▶ _Material to process_:
End Collision.
End LeviCivitaHamiltonian.

Section CriticalPointBound.
Variable R : realFieldType.

Lemma cauchy_schwarz2 (a1 a2 b1 b2 r s : R) : 0 <= r -> 0 <= s ->
  r ^+ 2 = a1 ^+ 2 + a2 ^+ 2 -> s ^+ 2 = b1 ^+ 2 + b2 ^+ 2 -> a1 * b1 + a2 * b2 <= r * s.
Proof.
move=> r0 s0 er es; have rs0 := mulr_ge0 r0 s0.
have : (a1 * b1 + a2 * b2) ^+ 2 <= (r * s) ^+ 2.
  by rewrite exprMn er es; have := sqr_ge0 (a1 * b2 - a2 * b1); nra.
nra.
Qed.

Lemma dist_triangle_unit (X1 X2 Y r1 r2 : R) : 0 <= r1 -> 0 <= r2 ->
  r1 ^+ 2 = X1 ^+ 2 + Y ^+ 2 -> r2 ^+ 2 = X2 ^+ 2 + Y ^+ 2 -> X1 - X2 = 1 ->
  [/\ 1 <= r1 + r2, r2 <= r1 + 1 & r1 <= r2 + 1].
Proof.
move=> r1_ge0 r2_ge0 e1 e2 dX.
have cs := cauchy_schwarz2 r1_ge0 r2_ge0 e1 e2.
have cs' : X1 * - X2 + Y * - Y <= r1 * r2.
  by apply: cauchy_schwarz2 r1_ge0 r2_ge0 e1 _; rewrite !sqrrN.
have sq1 : (X1 - X2) ^+ 2 = 1 by rewrite dX expr1n.
have : 1 <= (r1 + r2) ^+ 2 by nra.
have : (r2 - r1) ^+ 2 <= 1 by nra.
by split; nra.
Qed.

Lemma norm_comb_le (al be X1 X2 Y r1 r2 : R) : 0 <= al -> 0 <= be ->
  0 <= r1 -> 0 <= r2 -> r1 ^+ 2 = X1 ^+ 2 + Y ^+ 2 -> r2 ^+ 2 = X2 ^+ 2 + Y ^+ 2 ->
  (al * X1 + be * X2) ^+ 2 + (al * Y + be * Y) ^+ 2 <= (al * r1 + be * r2) ^+ 2.
Proof.
move=> al_ge0 be_ge0 r1_ge0 r2_ge0 e1 e2.
have : 0 <= r1 * r2 - (X1 * X2 + Y * Y) by rewrite subr_ge0 cauchy_schwarz2.
move/(mulr_ge0 (mulr_ge0 al_ge0 be_ge0)); nra.
Qed.

Lemma force_balance (a1 a2 m1 m2 X1 X2 Y r1 r2 : R) :
  r1 ^+ 2 = X1 ^+ 2 + Y ^+ 2 -> r2 ^+ 2 = X2 ^+ 2 + Y ^+ 2 ->
  a1 * X1 + a2 * X2 = m1 * X1 + m2 * X2 -> a1 * Y + a2 * Y = m1 * Y + m2 * Y ->
  ((a1 - m1) * r1) ^+ 2 = ((a2 - m2) * r2) ^+ 2.
Proof.
move=> e1 e2 eqX eqY.
have balX : (a1 - m1) * X1 = - ((a2 - m2) * X2).
  by apply/eqP; rewrite -subr_eq0 opprK !mulrBl addrACA eqX -opprD subrr.
have balY : (a1 - m1) * Y = - ((a2 - m2) * Y).
  by apply/eqP; rewrite -subr_eq0 opprK !mulrBl addrACA eqY -opprD subrr.
by rewrite !exprMn e1 e2 !mulrDr -!exprMn balX balY !sqrrN.
Qed.

Lemma invr_le2 (r : R) : 1 / 2 <= r -> r^-1 <= 2.
Proof. by move=> r_ge; rewrite -[r^-1]mul1r ler_pdivrMr; lra. Qed.

(* At a critical point the net pulls m_i / r_i^2 - m_i r_i of the two primaries
   have equal size, while the distances r_i to the primaries, which are one
   unit apart, obey the triangle inequality. *)
Lemma mass_balance_bound (m1 m2 r1 r2 : R) : 0 <= m1 <= 1 -> 0 <= m2 <= 1 ->
  0 < r1 -> 0 < r2 -> 1 <= r1 + r2 -> r2 <= r1 + 1 ->
  (m1 / r1 ^+ 2 - m1 * r1) ^+ 2 = (m2 / r2 ^+ 2 - m2 * r2) ^+ 2 -> m1 / r1 ^+ 2 <= 6.
Proof.
move=> /andP[m1_ge0 m1_le1] /andP[m2_ge0 m2_le1] r1_gt0 r2_gt0 r12_ge1 r2_le balance.
have a_gt0 : 0 < r1^-1 by rewrite invr_gt0.
have b_gt0 : 0 < r2^-1 by rewrite invr_gt0.
have ar : r1^-1 * r1 = 1 by rewrite mulVf ?gt_eqF.
have br : r2^-1 * r2 = 1 by rewrite mulVf ?gt_eqF.
rewrite -exprVn !(mulrC m1) !(mulrC m2) -exprVn in balance *.
move: a_gt0 b_gt0 ar br balance; set a := r1^-1; set b := r2^-1 => a_gt0 b_gt0 ar br balance.
have [r1_ge|r1_lt] := leP (1 / 2) r1.
  have a_le2 : a <= 2 := invr_le2 r1_ge.
  have : a ^+ 2 <= 4 by nra.
  nra.
have b_le2 : b <= 2 by apply: invr_le2; lra.
have b2 : 0 <= b ^+ 2 * m2 <= 4 by apply/andP; split; nra.
have r2m2 : 0 <= r2 * m2 <= 3 / 2 by apply/andP; split; nra.
have : (a ^+ 2 * m1 - r1 * m1) ^+ 2 <= 4 ^+ 2 by rewrite balance; nra.
set x := a ^+ 2 * m1 - r1 * m1 => x_sqr.
have : x <= 4 by nra.
rewrite /x; nra.
Qed.

Lemma div_le_of_div_sqr_le (m r K : R) : 0 <= m <= 1 -> 1 <= K -> 0 < r ->
  m / r ^+ 2 <= K -> m / r <= K.
Proof.
move=> /andP[m_ge0 m_le1] K_ge1 r_gt0; rewrite -exprVn.
have : 0 < r^-1 by rewrite invr_gt0.
have : r^-1 * r = 1 by rewrite mulVf ?gt_eqF.
set a := r^-1 => ar a_gt0 mrK.
have [r_le1|r_gt1] := leP r 1; last nra.
have a_ge1 : 1 <= a by nra.
have : 0 <= m * a * (a - 1) by rewrite mulr_ge0 ?mulr_ge0 ?subr_ge0 ?(ltW a_gt0).
nra.
Qed.

Lemma critical_potential_le (m q1 q2 r1 r2 : R) :
  0 <= m <= 1 -> 0 < r1 -> 0 < r2 ->
  r1 ^+ 2 = (q1 + m) ^+ 2 + q2 ^+ 2 -> r2 ^+ 2 = (q1 - (1 - m)) ^+ 2 + q2 ^+ 2 ->
  q1 = (1 - m) * (q1 + m) / r1 ^+ 3 + m * (q1 - (1 - m)) / r2 ^+ 3 ->
  q2 = (1 - m) * q2 / r1 ^+ 3 + m * q2 / r2 ^+ 3 ->
  (q1 ^+ 2 + q2 ^+ 2) / 2 + (1 - m) / r1 + m / r2 <= 100.
Proof.
move=> /andP[m_ge0 m_le1] r1_gt0 r2_gt0 e1 e2 eq1 eq2.
have r1_neq0 : r1 != 0 by rewrite gt_eqF.
have r2_neq0 : r2 != 0 by rewrite gt_eqF.
set X1 := q1 + m in e1 eq1; set X2 := q1 - (1 - m) in e2 eq1.
set al := (1 - m) / r1 ^+ 3; set be := m / r2 ^+ 3.
have al_ge0 : 0 <= al by apply: divr_ge0; [lra | exact/exprn_ge0/ltW].
have be_ge0 : 0 <= be by apply: divr_ge0; [lra | exact/exprn_ge0/ltW].
have {}eq1 : q1 = al * X1 + be * X2 by rewrite [LHS]eq1 (mulrAC (1 - m)) (mulrAC m).
have {}eq2 : q2 = al * q2 + be * q2 by rewrite [LHS]eq2 (mulrAC (1 - m)) (mulrAC m).
have alr1 : al * r1 = (1 - m) / r1 ^+ 2 by rewrite /al; field.
have ber2 : be * r2 = m / r2 ^+ 2 by rewrite /be; field.
have balance : ((1 - m) / r1 ^+ 2 - (1 - m) * r1) ^+ 2 = (m / r2 ^+ 2 - m * r2) ^+ 2.
  rewrite -alr1 -ber2 -!mulrBl; apply: force_balance e1 e2 _ _.
    by rewrite -eq1 /X1 /X2; ring.
  by rewrite -eq2; ring.
have dX : X1 - X2 = 1 by rewrite /X1 /X2; ring.
have [r12_ge1 r21_le r12_le] := dist_triangle_unit (ltW r1_gt0) (ltW r2_gt0) e1 e2 dX.
have m01 : 0 <= 1 - m <= 1 by apply/andP; split; lra.
have m01' : 0 <= m <= 1 by apply/andP.
have P_le := mass_balance_bound m01 m01' r1_gt0 r2_gt0 r12_ge1 r21_le balance.
have Q_le : m / r2 ^+ 2 <= 6.
  by apply: mass_balance_bound m01' m01 r2_gt0 r1_gt0 _ r12_le (esym balance); lra.
have q_le : q1 ^+ 2 + q2 ^+ 2 <= (al * r1 + be * r2) ^+ 2.
  rewrite {1}eq1 {1}eq2.
  exact: norm_comb_le al_ge0 be_ge0 (ltW r1_gt0) (ltW r2_gt0) e1 e2.
rewrite alr1 ber2 in q_le.
have P_ge0 : 0 <= (1 - m) / r1 ^+ 2 by apply: divr_ge0; [lra | exact/exprn_ge0/ltW].
have Q_ge0 : 0 <= m / r2 ^+ 2 by apply: divr_ge0; [lra | exact/exprn_ge0/ltW].
have A_le : (1 - m) / r1 <= 6 by apply: div_le_of_div_sqr_le m01 _ r1_gt0 P_le; lra.
have B_le : m / r2 <= 6 by apply: div_le_of_div_sqr_le m01' _ r2_gt0 Q_le; lra.
have : ((1 - m) / r1 ^+ 2 + m / r2 ^+ 2) ^+ 2 <= 12 ^+ 2.
  by rewrite ler_sqr ?nnegrE ?addr_ge0 //; lra.
lra.
Qed.
End CriticalPointBound.

Section ThreeBody.
Variables (R : realType) (mu : R).
Local Notation V := 'cV[R]_4.
Implicit Types x y v : V.

Definition dist1_sqr y : R := (co y 0 + mu) ^+ 2 + co y 1 ^+ 2.
Definition dist2_sqr y : R := (co y 0 - (1 - mu)) ^+ 2 + co y 1 ^+ 2.
Definition dist1 y : R := Num.sqrt (dist1_sqr y).
Definition dist2 y : R := Num.sqrt (dist2_sqr y).

Definition dH3b y v : R :=
  co y 2 * co v 2 + co y 3 * co v 3
  + (co v 0 * co y 3 + co y 0 * co v 3 - co v 1 * co y 2 - co y 1 * co v 2)
  + (1 - mu) * ((co y 0 + mu) * co v 0 + co y 1 * co v 1) / dist1 y ^+ 3
  + mu * ((co y 0 - (1 - mu)) * co v 0 + co y 1 * co v 1) / dist2 y ^+ 3.

Lemma is_derive_H3b y v : 0 < dist1_sqr y -> 0 < dist2_sqr y ->
  is_derive y v (H3b mu) (dH3b y v).
Proof.
move=> d1_pos d2_pos.
have d1_neq0 : dist1 y != 0 by rewrite gt_eqF ?sqrtr_gt0.
have d2_neq0 : dist2 y != 0 by rewrite gt_eqF ?sqrtr_gt0.
apply: is_derive_eq; rewrite /H3b.
  by repeat first [ derive_step
    | (apply: is_derive_inv; [first [exact: d1_neq0 | exact: d2_neq0] | ])
    | (apply: is_derive_sqrt; [first [exact: d1_pos | exact: d2_pos] | ]) ].
rewrite /dH3b -/(dist1_sqr y) -/(dist2_sqr y) -/(dist1 y) -/(dist2 y).
by field; rewrite d1_neq0 d2_neq0.
Qed.

Lemma H3b_dom_dist_sqr_gt0 x : H3b_dom mu x -> 0 < dist1_sqr x /\ 0 < dist2_sqr x.
Proof.
have sqr2_gt0 (a b : R) : (a, b) != (0, 0) -> 0 < a ^+ 2 + b ^+ 2.
  rewrite xpair_eqE negb_and => ab_neq0.
  by rewrite lt_def paddr_eq0 ?sqr_ge0 // !sqrf_eq0 negb_and ab_neq0 addr_ge0 ?sqr_ge0.
case=> away1 away2; split; apply: sqr2_gt0.
- apply: contraNneq away1 => -[q1E ->].
  by rewrite xpair_eqE eqxx andbT -[co x 0](addrK mu) q1E sub0r.
- apply: contraNneq away2 => -[q1E ->].
  by rewrite xpair_eqE eqxx andbT -[co x 0](subrK (1 - mu)) q1E add0r.
Qed.

Lemma H3b_crit_dH3b x : H3b_crit mu x ->
  forall k, (k < 4)%N -> dH3b x (e4 R (inord k)) = 0.
Proof.
case=> /H3b_dom_dist_sqr_gt0 [d1_pos d2_pos] [_ grad0] k k4.
have := congr1 (fun g : V => g (inord k) 0) grad0.
by rewrite !mxE => <-; apply/esym/derive_val/is_derive_H3b.
Qed.

(* Any lower bound will do: it only makes the infimum [HL1] meaningful. *)
Lemma H3b_crit_ge x : 0 <= mu <= 1 -> H3b_crit mu x -> -100 <= H3b mu x.
Proof.
move=> mu01 x_crit; have [d1_pos d2_pos] := H3b_dom_dist_sqr_gt0 x_crit.1.
have d1_gt0 : 0 < dist1 x by rewrite sqrtr_gt0.
have d2_gt0 : 0 < dist2 x by rewrite sqrtr_gt0.
have d1E : dist1 x ^+ 2 = dist1_sqr x by rewrite sqr_sqrtr ?ltW.
have d2E : dist2 x ^+ 2 = dist2_sqr x by rewrite sqr_sqrtr ?ltW.
have crit_eq := H3b_crit_dH3b x_crit.
have := crit_eq 0%N erefl; have := crit_eq 1%N erefl.
have := crit_eq 2%N erefl; have := crit_eq 3%N erefl.
rewrite /dH3b !co_e4 //= => p2E p1E eq1 eq0.
have p2 : co x 3 = - co x 0 by lra.
have p1 : co x 2 = co x 1 by lra.
rewrite p1 p2 in eq0 eq1.
have q1E : co x 0 = (1 - mu) * (co x 0 + mu) / dist1 x ^+ 3
                    + mu * (co x 0 - (1 - mu)) / dist2 x ^+ 3 by lra.
have q2E : co x 1 = (1 - mu) * co x 1 / dist1 x ^+ 3 + mu * co x 1 / dist2 x ^+ 3 by lra.
have := critical_potential_le mu01 d1_gt0 d2_gt0 d1E d2E q1E q2E.
have -> : H3b mu x = (co x 2 ^+ 2 + co x 3 ^+ 2) / 2 + (co x 0 * co x 3 - co x 1 * co x 2)
                     - (1 - mu) / dist1 x - mu / dist2 x by [].
rewrite p1 p2; lra.
Qed.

▶ _What to produce_:
Copy all lines from the material that hold "CriticalPointBound".

▶ _Response area_:
Section CriticalPointBound.
End CriticalPointBound.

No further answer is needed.